AM processes generally involve the buildup of one or more materials to make a net or near net shape (NNS) object, in contrast to subtractive manufacturing methods. Though “additive manufacturing” is an industry standard term (ASTM F2792), AM encompasses various manufacturing and prototyping techniques known under a variety of names, including freeform fabrication, 3D printing, rapid prototyping/tooling, etc. AM techniques are capable of fabricating complex components from a wide variety of materials. Generally, a freestanding object can be fabricated from a computer aided design (CAD) model.
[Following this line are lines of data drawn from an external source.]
(* In the nondeterministic Outcome Logic instance, for every program $C$ (terminating after finitely many steps) and atomic assertions $P,Q$: \[ \not\vDash\{P\}\,C\,\{Q\} \quad\text{iff}\quad \exists\varphi.\ \varphi\Rightarrow P,\ \mathsf{sat}(\varphi),\ \text{and}\ \vDash\langle\varphi\rangle\,C\,\langle\overline{Q}\oplus\top\rangle . \]
   Context: Nondeterministic instance: powerset monad ($\mathsf{bind}(S,k)=\bigcup_{x\in S}k(x)$, $\mathsf{unit}(x)=\{x\}$, monoid $\cup,\emptyset$). Programs $C::=\mathbb{0}\mid\mathbb{1}\mid C_1;C_2\mid C_1+C_2\mid C^\star\mid c$ with semantics $[\![C]\!]\colon\Sigma\to2^\Sigma$: $[\![\mathbb{0}]\!](\sigma)=\emptyset$, $[\![\mathbb{1}]\!](\sigma)=\{\sigma\}$, sequencing by union over intermediate states, $+$ by union, $C^\star$ as the least fixed point of $f\mapsto\lambda\sigma.f^\dagger([\![C]\!](\sigma))\cup\{\sigma\}$ with $f^\dagger(S)=\bigcup_{\sigma\in S}f(\sigma)$. Atomic commands are $\mathsf{assume}\ e$ and deterministic commands such as $x:=e$ (as in the paper's guarded command languages). Atomic assertions carry a state relation $\vDash_\Sigma$ and are closed under negation $\overline{Q}$ ($\sigma\vDash_\Sigma\overline{Q}$ iff $\sigma\not\vDash_\Sigma Q$); a set $S$ satisfies atomic $P$ iff $S\neq\emptyset$ and all its elements satisfy $P$. Outcome assertions use $\top,\bot,\top^\oplus$ (satisfied only by $\emptyset$), $\land$, $\Rightarrow$ (classical) and $\oplus$ ($S\vDash\varphi\oplus\psi$ iff $S=S_1\cup S_2$, $S_1\vDash\varphi$, $S_2\vDash\psi$). $\vDash\langle\varphi\rangle C\langle\psi\rangle$ iff $S\vDash\varphi$ implies $[\![C]\!]^\dagger(S)\vDash\psi$ for all $S$. Hoare triple: $\vDash\{P\}C\{Q\}$ iff for all $\sigma\vDash_\Sigma P$ and $\tau\in[\![C]\!](\sigma)$, $\tau\vDash_\Sigma Q$. $\varphi\Rightarrow P$ means every set satisfying $\varphi$ satisfies $P$; $\mathsf{sat}(\varphi)$ means some set satisfies $\varphi$. *)

Set Implicit Arguments.

Section OL.
Variable Sigma : Type.

Definition pset := Sigma -> Prop.

Definition unit_p (s : Sigma) : pset := fun t => t = s.
Definition bind_p (S : pset) (k : Sigma -> pset) : pset :=
  fun t => exists x, S x /\ k x t.
Definition union_p (A B : pset) : pset := fun t => A t \/ B t.
Definition empty_p : pset := fun _ => False.

(* Atomic commands: assume e, and deterministic commands (e.g. x := e),
   with expressions interpreted semantically. *)
Inductive atom : Type :=
| Assume (e : Sigma -> Prop)
| Det (f : Sigma -> Sigma).

Definition atom_sem (c : atom) : Sigma -> pset :=
  match c with
  | Assume e => fun s => fun t => e s /\ t = s
  | Det f => fun s => unit_p (f s)
  end.

Inductive cmd : Type :=
| CZero
| COne
| CSeq (C1 C2 : cmd)
| CPlus (C1 C2 : cmd)
| CStar (C : cmd)
| CAtom (c : atom).

(* Least fixed point (Knaster-Tarski: intersection of all prefixed points)
   of a functional on Sigma -> 2^Sigma ordered pointwise by inclusion. *)
Definition lfp (Phi : (Sigma -> pset) -> (Sigma -> pset)) : Sigma -> pset :=
  fun s t => forall f : Sigma -> pset,
      (forall s' t', Phi f s' t' -> f s' t') -> f s t.

Definition star_F (c : Sigma -> pset) (f : Sigma -> pset) : Sigma -> pset :=
  fun s => union_p (bind_p (c s) f) (unit_p s).

Fixpoint sem (C : cmd) : Sigma -> pset :=
  match C with
  | CZero => fun _ => empty_p
  | COne => unit_p
  | CSeq C1 C2 => fun s => bind_p (sem C1 s) (sem C2)
  | CPlus C1 C2 => fun s => union_p (sem C1 s) (sem C2 s)
  | CStar C1 => lfp (star_F (sem C1))
  | CAtom c => atom_sem c
  end.

Definition aassn := Sigma -> Prop.
Definition aneg (Q : aassn) : aassn := fun s => ~ Q s.

Inductive oassn : Type :=
| OTop
| OBot
| OTopPlus
| OAnd (phi psi : oassn)
| OImp (phi psi : oassn)
| OPlus (phi psi : oassn)
| OAtom (P : aassn).

Fixpoint osat (S : pset) (phi : oassn) : Prop :=
  match phi with
  | OTop => True
  | OBot => False
  | OTopPlus => forall x, ~ S x
  | OAnd p q => osat S p /\ osat S q
  | OImp p q => osat S p -> osat S q
  | OPlus p q => exists S1 S2 : pset,
      (forall x, S x <-> (S1 x \/ S2 x)) /\ osat S1 p /\ osat S2 q
  | OAtom P => (exists x, S x) /\ (forall x, S x -> P x)
  end.

Definition ol_valid (phi : oassn) (C : cmd) (psi : oassn) : Prop :=
  forall S : pset, osat S phi -> osat (bind_p S (sem C)) psi.

Definition hoare_valid (P : aassn) (C : cmd) (Q : aassn) : Prop :=
  forall s t, P s -> sem C s t -> Q t.

Definition entails_atom (phi : oassn) (P : aassn) : Prop :=
  forall S, osat S phi -> osat S (OAtom P).

Definition satisfiable (phi : oassn) : Prop := exists S, osat S phi.

End OL.

Arguments CZero {Sigma}.
Arguments COne {Sigma}.
Arguments OTop {Sigma}.
Arguments OBot {Sigma}.
Arguments OTopPlus {Sigma}.

(* A Hoare triple fails exactly when some run from a P-state ends outside Q.
   Such a run s ~> t is recorded in outcome logic by the precondition
   "the state is s", since then the outcome set contains t, and an outcome
   set satisfies (not Q) (+) T precisely when it has a member outside Q.
   Conversely, a satisfiable phi entailing P supplies a nonempty set of
   P-states, and the outcome triple produces a run from one of them ending
   outside Q. *)
From Stdlib Require Import Classical.

Set Implicit Arguments.

Section NondeterministicOutcomeLogic.
Variable Sigma : Type.

Lemma not_hoare_valid_iff (P : aassn Sigma) (C : cmd Sigma) (Q : aassn Sigma) :
  ~ hoare_valid P C Q <-> exists s t, P s /\ sem C s t /\ ~ Q t.
Proof.
  split.
  - intros Hnv.
    apply NNPP; intros Hnone; apply Hnv; intros s t Ps Cst.
    apply NNPP; intros Qt; apply Hnone.
    now exists s, t.
  - intros [s [t [Ps [Cst Qt]]]] Hv.
    exact (Qt (Hv s t Ps Cst)).
Qed.

Lemma osat_plus_atom_top (S : pset Sigma) (R : aassn Sigma) :
  osat S (OPlus (OAtom R) OTop) <-> exists x, S x /\ R x.
Proof.
  split.
  - intros [S1 [S2 [HS [[[x S1x] HR] _]]]].
    exists x; split; [apply HS; now left | now apply HR].
  - intros [x [Sx Rx]].
    exists (unit_p x), S; repeat split.
    + now right.
    + now intros [->|].
    + now exists x.
    + now intros y ->.
Qed.

Lemma entails_atom_sub (R P : aassn Sigma) :
  (forall x, R x -> P x) -> entails_atom (OAtom R) P.
Proof.
  intros RP S [[x Sx] SR]; split.
  - now exists x.
  - intros y Sy; exact (RP y (SR y Sy)).
Qed.

Lemma satisfiable_atom (R : aassn Sigma) :
  (exists x, R x) -> satisfiable (OAtom R).
Proof. intros [x Rx]; exists R; split; [now exists x | auto]. Qed.

Lemma osat_unit_mem (S : pset Sigma) (s : Sigma) :
  osat S (OAtom (unit_p s)) -> S s.
Proof. intros [[x Sx] Hs]; now rewrite <- (Hs x Sx). Qed.

Lemma ol_valid_unit_run (C : cmd Sigma) (R : aassn Sigma) (s t : Sigma) :
  sem C s t -> R t -> ol_valid (OAtom (unit_p s)) C (OPlus (OAtom R) OTop).
Proof.
  intros Cst Rt S HS.
  apply osat_plus_atom_top.
  exists t; split; [exists s; split; [now apply osat_unit_mem | exact Cst] | exact Rt].
Qed.

Lemma ol_valid_run (phi : oassn Sigma) (P : aassn Sigma) (C : cmd Sigma)
    (R : aassn Sigma) :
  entails_atom phi P -> satisfiable phi ->
  ol_valid phi C (OPlus (OAtom R) OTop) ->
  exists s t, P s /\ sem C s t /\ R t.
Proof.
  intros Hent [S HS] Hol.
  destruct (proj1 (osat_plus_atom_top _ _) (Hol S HS)) as [t [[s [Ss Cst]] Rt]].
  exists s, t; repeat split; [exact (proj2 (Hent S HS) s Ss) | exact Cst | exact Rt].
Qed.

End NondeterministicOutcomeLogic.

Theorem corollary5p7 (Sigma : Type) (C : cmd Sigma) (P Q : aassn Sigma) :
  ~ hoare_valid P C Q <->
  exists phi : oassn Sigma,
    entails_atom phi P /\ satisfiable phi /\
    ol_valid phi C (OPlus (OAtom (aneg Q)) OTop).
Proof.
  rewrite not_hoare_valid_iff.
  split.
  - intros [s [t [Ps [Cst Qt]]]].
    exists (OAtom (unit_p s)); split; [|split].
    + apply entails_atom_sub; now intros x ->.
    + apply satisfiable_atom; now exists s.
    + now apply ol_valid_unit_run with t.
  - intros [phi [Hent [Hsat Hol]]].
    exact (ol_valid_run Hent Hsat Hol).
Qed.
A particular type of AM process uses an energy directing device comprising an energy source that emits an energy beam, for example, an electron beam or electromagnetic radiation such as a laser beam, to sinter or melt a powder material, creating a solid three-dimensional object in which particles of the powder material are bonded together. Different material systems, for example, engineering plastics, thermoplastic elastomers, metals, and ceramics are in use. Laser sintering or melting is a notable AM process for rapid fabrication of functional prototypes and tools. Applications include direct manufacturing of complex workpieces, patterns for investment casting, metal molds for injection molding and die casting, and molds and cores for sand casting. Fabrication of prototype objects to enhance communication and testing of concepts during the design cycle are other common usages of AM processes.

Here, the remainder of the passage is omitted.